Koepka himself isn’t exactly up on his golf history. He knew the name Willie Anderson, but not much more about the Scot who won Opens in 1901 and from 1903-05.
If he needs any update, he can get it from Curtis Strange, the last player to go for three straight. Strange is working for Fox this week, and knows he’s watching something special.
“Anyone I’ve seen who walks the walk it’s Brooks Koepka,” said Strange, who won the Open in 1988-89. “Outward he does look like it’s another round of golf. We’re trying to talk ourselves that something big is normal. He goes about his business like a professional every day.”
In Saturday’s third round that professionalism showed. Koepka made three birdies against no bogeys, finishing with eight straight pars that included a shot around the big tree in the 18th fairway.

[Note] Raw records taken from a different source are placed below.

(* Let $I\subseteq\mathbb{R}$ be an interval, $X\subseteq I$, $q,r\ge0$, and let $f:X\to\mathbb{R}$ be strictly increasing or strictly decreasing. If every bounded gap of $X$ has length less than $q$ and every bounded gap of $f(X)$ has length less than $r$, then $f$ is $r$-continuous on $X$.
   Context: A gap of a set $X\subseteq\mathbb{R}$ is a nonempty interval $J\subseteq\mathbb{R}$ containing no point of $X$ such that no interval strictly containing $J$ has this property; its length is $\sup J-\inf J$. For $D\subseteq\mathbb{R}$, $f:D\to\mathbb{R}$ and $r\ge 0$: $f$ is $r$-continuous at $a\in D$ if for every $\varepsilon>0$ there is $\delta>0$ such that for all $x\in D$ with $|x-a|<\delta$ one has $|f(x)-f(a)|<r+\varepsilon$; $f$ is $r$-continuous on $D$ if it is $r$-continuous at every point of $D$. *)

From Stdlib Require Import Reals Lra.
Open Scope R_scope.

Definition is_interval (J : R -> Prop) : Prop :=
  forall x y z, J x -> J z -> x <= y -> y <= z -> J y.

Definition is_gap (X J : R -> Prop) : Prop :=
  (exists x, J x) /\ is_interval J /\ (forall x, J x -> ~ X x) /\
  (forall J' : R -> Prop,
     is_interval J' -> (forall x, J x -> J' x) -> (exists x, J' x /\ ~ J x) ->
     ~ (forall x, J' x -> ~ X x)).

Definition is_glb (E : R -> Prop) (m : R) : Prop :=
  (forall x, E x -> m <= x) /\ (forall m', (forall x, E x -> m' <= x) -> m' <= m).

Definition bounded_set (E : R -> Prop) : Prop :=
  (exists M, forall x, E x -> x <= M) /\ (exists m, forall x, E x -> m <= x).

Definition length_lt (J : R -> Prop) (q : R) : Prop :=
  exists a b, is_glb J a /\ is_lub J b /\ b - a < q.

Definition image (f : R -> R) (X : R -> Prop) : R -> Prop :=
  fun y => exists x, X x /\ f x = y.

Definition strictly_increasing_on (X : R -> Prop) (f : R -> R) : Prop :=
  forall x y, X x -> X y -> x < y -> f x < f y.

Definition strictly_decreasing_on (X : R -> Prop) (f : R -> R) : Prop :=
  forall x y, X x -> X y -> x < y -> f y < f x.

Definition r_continuous_at (D : R -> Prop) (f : R -> R) (r a : R) : Prop :=
  forall eps, 0 < eps -> exists delta, 0 < delta /\
    forall x, D x -> Rabs (x - a) < delta -> Rabs (f x - f a) < r + eps.

Definition r_continuous_on (D : R -> Prop) (f : R -> R) (r : R) : Prop :=
  forall a, D a -> r_continuous_at D f r a.

(* Fix a in X and eps > 0.  By monotonicity it suffices to find, on each side
   of a, a point of X whose value lies within r + eps of f a, unless X has no
   points on that side at all.  For increasing f and the right side: if no such
   point exists but X has points right of a, then every value of f above f a is
   at least f a + r + eps, so the points just above f a form a bounded gap of
   f(X) of length at least r + eps, contradicting the hypothesis on f(X).  The
   left side and decreasing f reduce to this case through the reflections
   x |-> -x and y |-> -y. *)

From Stdlib Require Import Reals Lra Classical FunctionalExtensionality PropExtensionality.
Open Scope R_scope.

Definition short_gaps (Y : R -> Prop) (r : R) : Prop :=
  forall J, is_gap Y J -> bounded_set J -> length_lt J r.

Definition opp_set (S : R -> Prop) : R -> Prop := fun y => S (- y).

Lemma opp_setK (S : R -> Prop) : opp_set (opp_set S) = S.
Proof.
  apply functional_extensionality; intro y. unfold opp_set. now rewrite Ropp_involutive.
Qed.

Lemma is_interval_opp (J : R -> Prop) : is_interval J -> is_interval (opp_set J).
Proof. intros HJ x y z Jx Jz xy yz. apply (HJ (- z) (- y) (- x)); auto; lra. Qed.

Lemma is_gap_opp (Y J : R -> Prop) : is_gap Y J -> is_gap (opp_set Y) (opp_set J).
Proof.
  intros [[x Jx] [HJ [HY Hmax]]].
  split; [exists (- x); unfold opp_set; now rewrite Ropp_involutive |].
  split; [exact (is_interval_opp J HJ) |].
  split; [intros y Jy; exact (HY _ Jy) |].
  intros J' HJ' Hsub [w [J'w nJw]] Hdisj.
  apply (Hmax (opp_set J')).
  - exact (is_interval_opp J' HJ').
  - intros y Jy. apply Hsub. unfold opp_set. now rewrite Ropp_involutive.
  - exists (- w). unfold opp_set. now rewrite Ropp_involutive.
  - intros y J'y. specialize (Hdisj (- y) J'y). unfold opp_set in Hdisj.
    now rewrite Ropp_involutive in Hdisj.
Qed.

Lemma bounded_set_opp (J : R -> Prop) : bounded_set J -> bounded_set (opp_set J).
Proof.
  intros [[M HM] [m Hm]].
  split; [exists (- m) | exists (- M)]; intros x Jx;
    [specialize (Hm _ Jx) | specialize (HM _ Jx)]; lra.
Qed.

Lemma is_glb_opp (J : R -> Prop) (b : R) : is_lub J b -> is_glb (opp_set J) (- b).
Proof.
  intros [Hub Hleast]. split.
  - intros x Jx. specialize (Hub _ Jx). lra.
  - intros m Hm. enough (b <= - m) by lra. apply Hleast. intros x Jx.
    enough (m <= - x) by lra. apply Hm. unfold opp_set. now rewrite Ropp_involutive.
Qed.

Lemma is_lub_opp (J : R -> Prop) (a : R) : is_glb J a -> is_lub (opp_set J) (- a).
Proof.
  intros [Hlb Hgreatest]. split.
  - intros x Jx. specialize (Hlb _ Jx). lra.
  - intros M HM. enough (- M <= a) by lra. apply Hgreatest. intros x Jx.
    enough (- x <= M) by lra. apply HM. unfold opp_set. now rewrite Ropp_involutive.
Qed.

Lemma length_lt_opp (J : R -> Prop) (r : R) : length_lt J r -> length_lt (opp_set J) r.
Proof.
  intros [a [b [Ha [Hb Hlen]]]]. exists (- b), (- a).
  split; [exact (is_glb_opp J b Hb) | split; [exact (is_lub_opp J a Ha) | lra]].
Qed.

Lemma short_gaps_opp (Y : R -> Prop) (r : R) : short_gaps Y r -> short_gaps (opp_set Y) r.
Proof.
  intros HY J HJ Hb. rewrite <- (opp_setK J). apply length_lt_opp, HY.
  - rewrite <- (opp_setK Y). exact (is_gap_opp _ _ HJ).
  - exact (bounded_set_opp J Hb).
Qed.

Definition gap_right_of (Y : R -> Prop) (c : R) : R -> Prop :=
  fun y => c < y /\ ~ Y y /\ forall z, Y z -> c < z -> y <= z.

Lemma gap_right_of_is_gap (Y : R -> Prop) (c y0 : R) :
  Y c -> gap_right_of Y c y0 -> is_gap Y (gap_right_of Y c).
Proof.
  intros Yc Gy0. split; [now exists y0 |]. split; [| split].
  - intros x y z [cx _] [_ [nYz Hz]] xy yz. split; [lra | split].
    + intro Yy. assert (z <= y) by (apply Hz; [exact Yy | lra]).
      replace y with z in Yy by lra. contradiction.
    + intros w Yw cw. specialize (Hz w Yw cw). lra.
  - now intros x [_ [nYx _]].
  (* A strictly larger interval either reaches down to c, or past a point of
     Y above c, or its new point w already belongs to the gap. *)
  - intros J' HJ' Hsub [w [J'w nGw]] Hdisj.
    assert (J'y0 : J' y0) by (apply Hsub; exact Gy0).
    destruct (Rle_lt_dec w c) as [wc | cw].
    + apply (Hdisj c); [| exact Yc].
      destruct Gy0 as [cy0 _]. apply (HJ' w c y0); auto; lra.
    + destruct (classic (exists z, Y z /\ c < z /\ z < w)) as [[z [Yz [cz zw]]] | Hnone].
      * destruct Gy0 as [_ [_ Hy0]]. specialize (Hy0 z Yz cz).
        apply (Hdisj z); [apply (HJ' y0 z w); auto; lra | exact Yz].
      * apply nGw. split; [exact cw | split].
        -- intro Yw. exact (Hdisj w J'w Yw).
        -- intros z Yz cz. apply Rnot_lt_le. intro zw. apply Hnone. now exists z.
Qed.

Lemma gap_right_of_bounded (Y : R -> Prop) (c z : R) :
  Y z -> c < z -> bounded_set (gap_right_of Y c).
Proof.
  intros Yz cz. split; [exists z | exists c]; intros x [cx [_ Hx]]; [now apply Hx | lra].
Qed.

Lemma no_wide_gap_right (Y : R -> Prop) (c r eps : R) :
  Y c -> 0 <= r -> 0 < eps -> short_gaps Y r ->
  (forall z, Y z -> c < z -> c + r + eps <= z) ->
  forall z, Y z -> z <= c.
Proof.
  intros Yc Hr He Hgaps Hwide z Yz. apply Rnot_lt_le. intro cz.
  assert (HG : forall y, c < y < c + r + eps -> gap_right_of Y c y).
  { intros y [cy yc]. split; [exact cy | split].
    - intro Yy. specialize (Hwide y Yy cy). lra.
    - intros w Yw cw. specialize (Hwide w Yw cw). lra. }
  destruct (Hgaps (gap_right_of Y c)) as [m [b [[Hm _] [[Hb _] Hlen]]]].
  - apply (gap_right_of_is_gap Y c (c + eps / 2)); [exact Yc | apply HG; lra].
  - exact (gap_right_of_bounded Y c z Yz cz).
  - assert (m <= c + eps / 4) by (apply Hm, HG; lra).
    assert (c + r + eps / 2 <= b) by (apply Hb, HG; lra).
    lra.
Qed.

Lemma strictly_increasing_on_lt_inv (X : R -> Prop) (f : R -> R) (x y : R) :
  strictly_increasing_on X f -> X x -> X y -> f x < f y -> x < y.
Proof.
  intros Hf Xx Xy fxy. destruct (Rlt_le_dec x y) as [xy | yx]; [exact xy |].
  destruct (Rle_lt_or_eq_dec _ _ yx) as [yx' | <-]; [specialize (Hf _ _ Xy Xx yx') |]; lra.
Qed.

Lemma right_bound_incr (X : R -> Prop) (f : R -> R) (r eps a : R) :
  strictly_increasing_on X f -> short_gaps (image f X) r -> 0 <= r -> 0 < eps -> X a ->
  exists d, 0 < d /\ forall x, X x -> a < x < a + d -> Rabs (f x - f a) < r + eps.
Proof.
  intros Hf Hgaps Hr He Xa.
  destruct (classic (exists x0, X x0 /\ a < x0 /\ f x0 < f a + r + eps))
    as [[x0 [Xx0 [ax0 fx0]]] | Hnone].
  - exists (x0 - a). split; [lra |]. intros x Xx hx.
    assert (f a < f x) by (apply Hf; auto; lra).
    assert (f x < f x0) by (apply Hf; auto; lra).
    rewrite Rabs_right; lra.
  - exists 1. split; [lra |]. intros x Xx [ax _]. exfalso.
    assert (Hwide : forall z, image f X z -> f a < z -> f a + r + eps <= z).
    { intros z [y [Xy <-]] hy. apply Rnot_lt_le. intro hyr. apply Hnone.
      exists y. split; [exact Xy | split; [| exact hyr]].
      exact (strictly_increasing_on_lt_inv X f a y Hf Xa Xy hy). }
    assert (f x <= f a).
    { apply (no_wide_gap_right (image f X) (f a) r eps); auto; [exists a | exists x]; auto. }
    specialize (Hf a x Xa Xx ax). lra.
Qed.

Lemma strictly_increasing_on_conj_opp (X : R -> Prop) (f : R -> R) :
  strictly_increasing_on X f -> strictly_increasing_on (opp_set X) (fun x => - f (- x)).
Proof.
  intros Hf x y Xx Xy xy. specialize (Hf (- y) (- x) Xy Xx ltac:(lra)). lra.
Qed.

Lemma image_conj_opp (X : R -> Prop) (f : R -> R) :
  image (fun x => - f (- x)) (opp_set X) = opp_set (image f X).
Proof.
  apply functional_extensionality; intro y. apply propositional_extensionality.
  unfold image, opp_set. split.
  - intros [x [Xx <-]]. exists (- x). split; [exact Xx | ring].
  - intros [x [Xx fx]]. exists (- x). rewrite Ropp_involutive. split; [exact Xx | lra].
Qed.

Lemma left_bound_incr (X : R -> Prop) (f : R -> R) (r eps a : R) :
  strictly_increasing_on X f -> short_gaps (image f X) r -> 0 <= r -> 0 < eps -> X a ->
  exists d, 0 < d /\ forall x, X x -> a - d < x < a -> Rabs (f x - f a) < r + eps.
Proof.
  intros Hf Hgaps Hr He Xa.
  destruct (right_bound_incr (opp_set X) (fun x => - f (- x)) r eps (- a)) as [d [hd Hd]].
  - exact (strictly_increasing_on_conj_opp X f Hf).
  - rewrite image_conj_opp. exact (short_gaps_opp _ r Hgaps).
  - exact Hr.
  - exact He.
  - unfold opp_set. now rewrite Ropp_involutive.
  - exists d. split; [exact hd |]. intros x Xx hx.
    specialize (Hd (- x)). unfold opp_set in Hd. rewrite !Ropp_involutive in Hd.
    rewrite Rabs_minus_sym. replace (f a - f x) with (- f x - - f a) by ring.
    apply Hd; [exact Xx | lra].
Qed.

Lemma r_continuous_at_of_sides (D : R -> Prop) (f : R -> R) (r a : R) :
  0 <= r ->
  (forall eps, 0 < eps -> exists d, 0 < d /\
     forall x, D x -> a < x < a + d -> Rabs (f x - f a) < r + eps) ->
  (forall eps, 0 < eps -> exists d, 0 < d /\
     forall x, D x -> a - d < x < a -> Rabs (f x - f a) < r + eps) ->
  r_continuous_at D f r a.
Proof.
  intros Hr Hright Hleft eps He.
  destruct (Hright eps He) as [d1 [hd1 H1]], (Hleft eps He) as [d2 [hd2 H2]].
  exists (Rmin d1 d2). split; [now apply Rmin_pos |].
  intros x Dx hx. apply Rabs_def2 in hx.
  pose proof (Rmin_l d1 d2). pose proof (Rmin_r d1 d2).
  destruct (Rtotal_order x a) as [xa | [-> | ax]].
  - apply H2; [exact Dx | lra].
  - unfold Rminus. rewrite Rplus_opp_r, Rabs_R0. lra.
  - apply H1; [exact Dx | lra].
Qed.

Lemma r_continuous_on_incr (X : R -> Prop) (f : R -> R) (r : R) :
  strictly_increasing_on X f -> short_gaps (image f X) r -> 0 <= r ->
  r_continuous_on X f r.
Proof.
  intros Hf Hgaps Hr a Xa.
  apply r_continuous_at_of_sides; [exact Hr | |]; intros eps He;
    [apply right_bound_incr | apply left_bound_incr]; assumption.
Qed.

Lemma image_opp (X : R -> Prop) (f : R -> R) :
  image (fun x => - f x) X = opp_set (image f X).
Proof.
  apply functional_extensionality; intro y. apply propositional_extensionality.
  unfold image, opp_set. split.
  - intros [x [Xx <-]]. exists x. split; [exact Xx | ring].
  - intros [x [Xx fx]]. exists x. split; [exact Xx | lra].
Qed.

Lemma r_continuous_on_opp (X : R -> Prop) (f : R -> R) (r : R) :
  r_continuous_on X (fun x => - f x) r -> r_continuous_on X f r.
Proof.
  intros H a Xa eps He. destruct (H a Xa eps He) as [d [hd Hd]].
  exists d. split; [exact hd |]. intros x Xx hx.
  rewrite <- Rabs_Ropp. replace (- (f x - f a)) with (- f x - - f a) by ring.
  exact (Hd x Xx hx).
Qed.

Theorem theorem8 (I X : R -> Prop) (q r : R) (f : R -> R) :
  is_interval I ->
  (forall x, X x -> I x) ->
  0 <= q -> 0 <= r ->
  (strictly_increasing_on X f \/ strictly_decreasing_on X f) ->
  (forall J, is_gap X J -> bounded_set J -> length_lt J q) ->
  (forall J, is_gap (image f X) J -> bounded_set J -> length_lt J r) ->
  r_continuous_on X f r.
Proof.
  intros _ _ _ Hr [Hinc | Hdec] _ Hgaps.
  - exact (r_continuous_on_incr X f r Hinc Hgaps Hr).
  - apply r_continuous_on_opp, r_continuous_on_incr; [| | exact Hr].
    + intros x y Xx Xy xy. specialize (Hdec x y Xx Xy xy). lra.
    + rewrite image_opp. exact (short_gaps_opp _ r Hgaps).
Qed.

He has three rounds in the 60s, almost unheard of in a U.S. Open, even on a Pebble Beach course that is relatively docile with little wind. But while fans screamed every time they saw Woods, all Koepka got after hitting his drive on the ninth hole was one “three peat” yell that other fans ignored.
Really, though, the only thing to compare Koepka to these days is Woods himself. Koepka is on the kind of streak not seen since Woods won all four majors in 2000-01, the kind of streak that we may not see again for a long time.
It’s time to start appreciating that for what it is.